-- EXERCISE --
Looking at the data, count the lines where the word "approx" occurs and answer with only the number.

-- Entries taken from a collection --
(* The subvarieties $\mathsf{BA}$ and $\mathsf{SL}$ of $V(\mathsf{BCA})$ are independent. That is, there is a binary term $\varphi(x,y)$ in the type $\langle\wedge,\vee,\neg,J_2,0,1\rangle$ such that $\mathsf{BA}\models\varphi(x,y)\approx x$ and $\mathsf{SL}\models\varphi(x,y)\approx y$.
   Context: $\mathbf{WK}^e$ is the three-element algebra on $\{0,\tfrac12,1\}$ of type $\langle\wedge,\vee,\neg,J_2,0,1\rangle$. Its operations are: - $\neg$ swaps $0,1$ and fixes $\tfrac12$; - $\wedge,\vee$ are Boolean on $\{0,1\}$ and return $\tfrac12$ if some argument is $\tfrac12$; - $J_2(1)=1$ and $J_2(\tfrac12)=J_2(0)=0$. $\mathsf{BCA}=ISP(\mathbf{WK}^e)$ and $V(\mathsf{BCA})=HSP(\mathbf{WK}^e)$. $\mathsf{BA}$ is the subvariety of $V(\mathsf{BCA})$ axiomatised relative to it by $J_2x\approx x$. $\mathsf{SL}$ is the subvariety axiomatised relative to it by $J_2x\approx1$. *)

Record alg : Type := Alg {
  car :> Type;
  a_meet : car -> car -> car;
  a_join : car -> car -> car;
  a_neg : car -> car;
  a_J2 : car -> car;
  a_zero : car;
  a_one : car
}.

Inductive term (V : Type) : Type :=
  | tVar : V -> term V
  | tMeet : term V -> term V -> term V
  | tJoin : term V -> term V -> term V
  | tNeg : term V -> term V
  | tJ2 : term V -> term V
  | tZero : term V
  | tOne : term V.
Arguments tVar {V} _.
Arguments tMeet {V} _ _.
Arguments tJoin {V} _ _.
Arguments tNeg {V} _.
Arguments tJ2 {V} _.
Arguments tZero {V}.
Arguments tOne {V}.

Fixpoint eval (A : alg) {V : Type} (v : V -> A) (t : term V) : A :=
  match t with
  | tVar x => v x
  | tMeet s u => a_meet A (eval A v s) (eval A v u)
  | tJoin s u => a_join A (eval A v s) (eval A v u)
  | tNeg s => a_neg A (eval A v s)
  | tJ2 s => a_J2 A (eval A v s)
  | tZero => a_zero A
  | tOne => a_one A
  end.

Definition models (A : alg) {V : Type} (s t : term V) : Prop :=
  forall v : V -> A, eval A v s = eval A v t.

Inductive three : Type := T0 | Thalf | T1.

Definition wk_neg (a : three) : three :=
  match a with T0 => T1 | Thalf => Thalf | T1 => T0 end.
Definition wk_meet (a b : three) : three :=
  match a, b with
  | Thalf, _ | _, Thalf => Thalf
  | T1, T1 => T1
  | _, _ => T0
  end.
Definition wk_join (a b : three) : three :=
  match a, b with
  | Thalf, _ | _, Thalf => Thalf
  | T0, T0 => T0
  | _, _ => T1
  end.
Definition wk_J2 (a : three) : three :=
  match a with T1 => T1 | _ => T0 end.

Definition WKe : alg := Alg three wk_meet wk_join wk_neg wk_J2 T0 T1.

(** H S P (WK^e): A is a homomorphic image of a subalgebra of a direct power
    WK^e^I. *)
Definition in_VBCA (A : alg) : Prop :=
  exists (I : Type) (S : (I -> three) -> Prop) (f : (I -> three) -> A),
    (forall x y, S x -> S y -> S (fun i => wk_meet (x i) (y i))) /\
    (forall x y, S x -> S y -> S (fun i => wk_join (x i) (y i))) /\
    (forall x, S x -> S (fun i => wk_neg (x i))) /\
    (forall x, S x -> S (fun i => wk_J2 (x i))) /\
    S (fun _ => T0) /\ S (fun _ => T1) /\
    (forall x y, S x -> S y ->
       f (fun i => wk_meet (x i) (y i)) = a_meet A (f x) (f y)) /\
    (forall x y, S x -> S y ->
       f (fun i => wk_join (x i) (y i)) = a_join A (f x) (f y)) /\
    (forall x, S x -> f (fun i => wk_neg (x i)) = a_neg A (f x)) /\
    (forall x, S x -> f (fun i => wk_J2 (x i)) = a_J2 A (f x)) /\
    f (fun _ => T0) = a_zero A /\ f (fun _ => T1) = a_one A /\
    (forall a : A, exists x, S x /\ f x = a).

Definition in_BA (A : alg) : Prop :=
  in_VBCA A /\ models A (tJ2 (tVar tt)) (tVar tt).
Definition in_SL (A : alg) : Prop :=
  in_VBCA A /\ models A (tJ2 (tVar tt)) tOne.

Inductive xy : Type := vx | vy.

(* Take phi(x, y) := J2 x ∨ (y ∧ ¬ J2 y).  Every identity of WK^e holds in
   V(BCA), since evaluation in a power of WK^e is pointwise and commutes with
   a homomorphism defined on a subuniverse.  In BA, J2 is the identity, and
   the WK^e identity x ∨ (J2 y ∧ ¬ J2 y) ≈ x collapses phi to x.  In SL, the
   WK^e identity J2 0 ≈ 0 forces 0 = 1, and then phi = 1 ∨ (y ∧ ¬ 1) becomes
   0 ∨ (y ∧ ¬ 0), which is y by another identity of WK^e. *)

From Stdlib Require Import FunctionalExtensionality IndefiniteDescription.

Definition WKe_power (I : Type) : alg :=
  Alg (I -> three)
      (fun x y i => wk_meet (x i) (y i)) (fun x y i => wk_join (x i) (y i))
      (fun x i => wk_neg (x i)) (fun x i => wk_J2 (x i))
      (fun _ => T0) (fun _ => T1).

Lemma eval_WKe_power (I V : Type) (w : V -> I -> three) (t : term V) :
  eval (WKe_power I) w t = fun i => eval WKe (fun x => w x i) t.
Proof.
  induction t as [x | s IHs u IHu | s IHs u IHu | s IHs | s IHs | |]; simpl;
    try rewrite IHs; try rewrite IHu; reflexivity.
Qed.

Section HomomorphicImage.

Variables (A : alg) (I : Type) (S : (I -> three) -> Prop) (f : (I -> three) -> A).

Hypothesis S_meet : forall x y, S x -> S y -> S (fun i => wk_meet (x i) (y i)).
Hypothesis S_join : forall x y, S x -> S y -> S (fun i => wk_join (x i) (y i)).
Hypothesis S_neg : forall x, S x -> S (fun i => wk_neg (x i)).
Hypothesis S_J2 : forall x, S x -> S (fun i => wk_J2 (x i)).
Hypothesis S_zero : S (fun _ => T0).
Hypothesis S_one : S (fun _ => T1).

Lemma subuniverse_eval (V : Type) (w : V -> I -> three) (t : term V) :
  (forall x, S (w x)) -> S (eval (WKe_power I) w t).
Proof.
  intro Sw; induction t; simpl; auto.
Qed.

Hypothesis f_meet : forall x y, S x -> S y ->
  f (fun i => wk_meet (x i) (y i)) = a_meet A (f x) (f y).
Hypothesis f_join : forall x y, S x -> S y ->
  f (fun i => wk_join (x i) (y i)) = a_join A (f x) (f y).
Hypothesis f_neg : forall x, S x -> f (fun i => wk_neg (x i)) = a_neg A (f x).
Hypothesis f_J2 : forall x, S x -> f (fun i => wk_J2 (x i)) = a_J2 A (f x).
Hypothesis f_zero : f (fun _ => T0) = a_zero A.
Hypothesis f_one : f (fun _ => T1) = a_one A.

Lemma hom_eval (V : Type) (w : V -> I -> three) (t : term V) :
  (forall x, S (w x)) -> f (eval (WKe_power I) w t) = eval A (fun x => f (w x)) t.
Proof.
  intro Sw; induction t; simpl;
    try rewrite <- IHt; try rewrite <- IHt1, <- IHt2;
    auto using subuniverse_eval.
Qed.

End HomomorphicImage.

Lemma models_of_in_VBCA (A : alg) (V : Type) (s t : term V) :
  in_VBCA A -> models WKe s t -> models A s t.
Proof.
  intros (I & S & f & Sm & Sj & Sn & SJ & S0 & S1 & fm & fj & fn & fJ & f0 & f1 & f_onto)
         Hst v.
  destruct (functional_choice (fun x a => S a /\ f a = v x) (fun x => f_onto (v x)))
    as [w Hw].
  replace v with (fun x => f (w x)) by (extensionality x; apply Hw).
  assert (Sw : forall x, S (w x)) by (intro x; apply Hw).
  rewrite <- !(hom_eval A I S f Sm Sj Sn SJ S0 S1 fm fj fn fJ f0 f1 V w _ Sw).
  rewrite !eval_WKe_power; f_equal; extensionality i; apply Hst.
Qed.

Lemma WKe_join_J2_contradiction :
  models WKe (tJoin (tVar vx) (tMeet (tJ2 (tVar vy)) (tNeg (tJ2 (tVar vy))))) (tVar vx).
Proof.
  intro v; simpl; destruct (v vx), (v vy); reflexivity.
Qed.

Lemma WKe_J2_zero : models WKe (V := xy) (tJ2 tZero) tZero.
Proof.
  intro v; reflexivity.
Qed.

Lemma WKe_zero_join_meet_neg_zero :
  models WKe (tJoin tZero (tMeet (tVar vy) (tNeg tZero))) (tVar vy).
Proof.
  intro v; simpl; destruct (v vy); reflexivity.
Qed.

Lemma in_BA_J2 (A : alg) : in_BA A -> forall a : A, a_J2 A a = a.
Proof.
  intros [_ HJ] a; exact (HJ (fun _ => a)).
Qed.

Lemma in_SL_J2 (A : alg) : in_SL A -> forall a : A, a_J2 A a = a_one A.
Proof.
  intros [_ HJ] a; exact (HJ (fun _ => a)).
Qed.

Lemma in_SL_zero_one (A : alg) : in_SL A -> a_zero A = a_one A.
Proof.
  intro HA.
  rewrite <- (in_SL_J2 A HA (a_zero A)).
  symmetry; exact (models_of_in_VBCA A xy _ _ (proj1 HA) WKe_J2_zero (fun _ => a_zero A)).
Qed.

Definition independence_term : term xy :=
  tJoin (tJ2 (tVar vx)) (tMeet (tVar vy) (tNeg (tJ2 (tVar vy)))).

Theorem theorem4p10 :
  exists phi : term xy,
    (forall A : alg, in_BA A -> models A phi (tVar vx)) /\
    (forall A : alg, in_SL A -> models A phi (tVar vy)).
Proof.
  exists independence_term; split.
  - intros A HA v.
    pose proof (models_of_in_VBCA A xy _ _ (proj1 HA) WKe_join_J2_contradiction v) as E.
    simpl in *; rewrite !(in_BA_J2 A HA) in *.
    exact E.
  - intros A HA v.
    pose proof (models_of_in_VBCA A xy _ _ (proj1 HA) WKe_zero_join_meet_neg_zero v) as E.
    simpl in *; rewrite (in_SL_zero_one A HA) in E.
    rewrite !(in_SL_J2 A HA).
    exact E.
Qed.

==

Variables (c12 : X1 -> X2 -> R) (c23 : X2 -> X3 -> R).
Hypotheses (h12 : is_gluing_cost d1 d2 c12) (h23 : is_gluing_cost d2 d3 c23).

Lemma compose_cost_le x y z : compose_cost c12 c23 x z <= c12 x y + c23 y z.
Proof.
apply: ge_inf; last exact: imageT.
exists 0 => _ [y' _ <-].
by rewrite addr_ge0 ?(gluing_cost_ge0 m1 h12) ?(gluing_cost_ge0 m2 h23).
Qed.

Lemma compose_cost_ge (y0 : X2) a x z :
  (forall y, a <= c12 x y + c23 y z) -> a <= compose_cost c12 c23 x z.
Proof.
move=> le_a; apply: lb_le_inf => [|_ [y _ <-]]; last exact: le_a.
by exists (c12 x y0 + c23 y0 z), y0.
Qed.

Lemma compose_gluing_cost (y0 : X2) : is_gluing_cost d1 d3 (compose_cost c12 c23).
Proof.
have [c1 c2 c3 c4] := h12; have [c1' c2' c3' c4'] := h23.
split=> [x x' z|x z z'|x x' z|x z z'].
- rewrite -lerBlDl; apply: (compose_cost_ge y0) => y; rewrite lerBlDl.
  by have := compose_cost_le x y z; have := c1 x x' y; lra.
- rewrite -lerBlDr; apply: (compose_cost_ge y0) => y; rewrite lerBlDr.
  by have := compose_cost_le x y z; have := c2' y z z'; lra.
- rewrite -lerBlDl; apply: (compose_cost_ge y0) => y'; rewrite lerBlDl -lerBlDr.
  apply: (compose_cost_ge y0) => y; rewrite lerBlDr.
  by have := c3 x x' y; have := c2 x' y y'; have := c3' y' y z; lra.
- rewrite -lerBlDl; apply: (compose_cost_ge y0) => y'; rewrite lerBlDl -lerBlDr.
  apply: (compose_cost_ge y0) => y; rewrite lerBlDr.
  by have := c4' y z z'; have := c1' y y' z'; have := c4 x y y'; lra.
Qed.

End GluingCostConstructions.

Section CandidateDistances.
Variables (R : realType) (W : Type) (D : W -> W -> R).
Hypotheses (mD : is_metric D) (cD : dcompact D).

==

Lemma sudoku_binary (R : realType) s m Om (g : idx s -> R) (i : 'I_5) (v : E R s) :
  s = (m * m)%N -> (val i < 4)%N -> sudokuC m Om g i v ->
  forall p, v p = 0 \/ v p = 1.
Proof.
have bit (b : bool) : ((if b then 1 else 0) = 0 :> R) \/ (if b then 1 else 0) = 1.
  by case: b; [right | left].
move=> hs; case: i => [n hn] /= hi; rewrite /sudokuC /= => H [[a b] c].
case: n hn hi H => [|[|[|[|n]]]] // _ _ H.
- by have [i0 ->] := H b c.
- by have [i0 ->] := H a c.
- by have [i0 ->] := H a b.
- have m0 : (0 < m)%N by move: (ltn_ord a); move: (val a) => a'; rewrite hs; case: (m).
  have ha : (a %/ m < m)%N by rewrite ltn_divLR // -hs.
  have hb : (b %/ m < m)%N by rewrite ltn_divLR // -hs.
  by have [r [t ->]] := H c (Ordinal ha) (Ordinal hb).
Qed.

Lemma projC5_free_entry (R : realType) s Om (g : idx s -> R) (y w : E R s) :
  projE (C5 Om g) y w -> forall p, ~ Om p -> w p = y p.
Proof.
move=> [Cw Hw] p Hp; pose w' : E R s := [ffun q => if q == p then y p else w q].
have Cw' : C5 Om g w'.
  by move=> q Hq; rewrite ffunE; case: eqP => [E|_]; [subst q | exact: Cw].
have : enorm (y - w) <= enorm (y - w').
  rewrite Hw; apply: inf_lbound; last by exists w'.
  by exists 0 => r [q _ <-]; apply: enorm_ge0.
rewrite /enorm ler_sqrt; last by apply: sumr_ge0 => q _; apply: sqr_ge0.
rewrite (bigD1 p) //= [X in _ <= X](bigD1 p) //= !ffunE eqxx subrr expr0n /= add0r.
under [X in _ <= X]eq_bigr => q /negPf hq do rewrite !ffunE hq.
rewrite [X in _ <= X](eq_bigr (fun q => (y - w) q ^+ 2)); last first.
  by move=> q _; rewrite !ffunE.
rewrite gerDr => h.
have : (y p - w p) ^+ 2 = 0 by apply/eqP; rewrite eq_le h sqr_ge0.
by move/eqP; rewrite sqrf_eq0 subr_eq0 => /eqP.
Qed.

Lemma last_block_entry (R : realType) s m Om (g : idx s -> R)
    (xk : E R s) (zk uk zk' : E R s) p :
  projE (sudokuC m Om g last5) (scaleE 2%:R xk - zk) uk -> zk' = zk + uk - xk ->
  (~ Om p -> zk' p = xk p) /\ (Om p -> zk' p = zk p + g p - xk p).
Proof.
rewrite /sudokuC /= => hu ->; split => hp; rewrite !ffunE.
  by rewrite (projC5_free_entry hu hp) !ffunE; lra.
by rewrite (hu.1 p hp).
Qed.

-- REPLY TO THE TASK --
2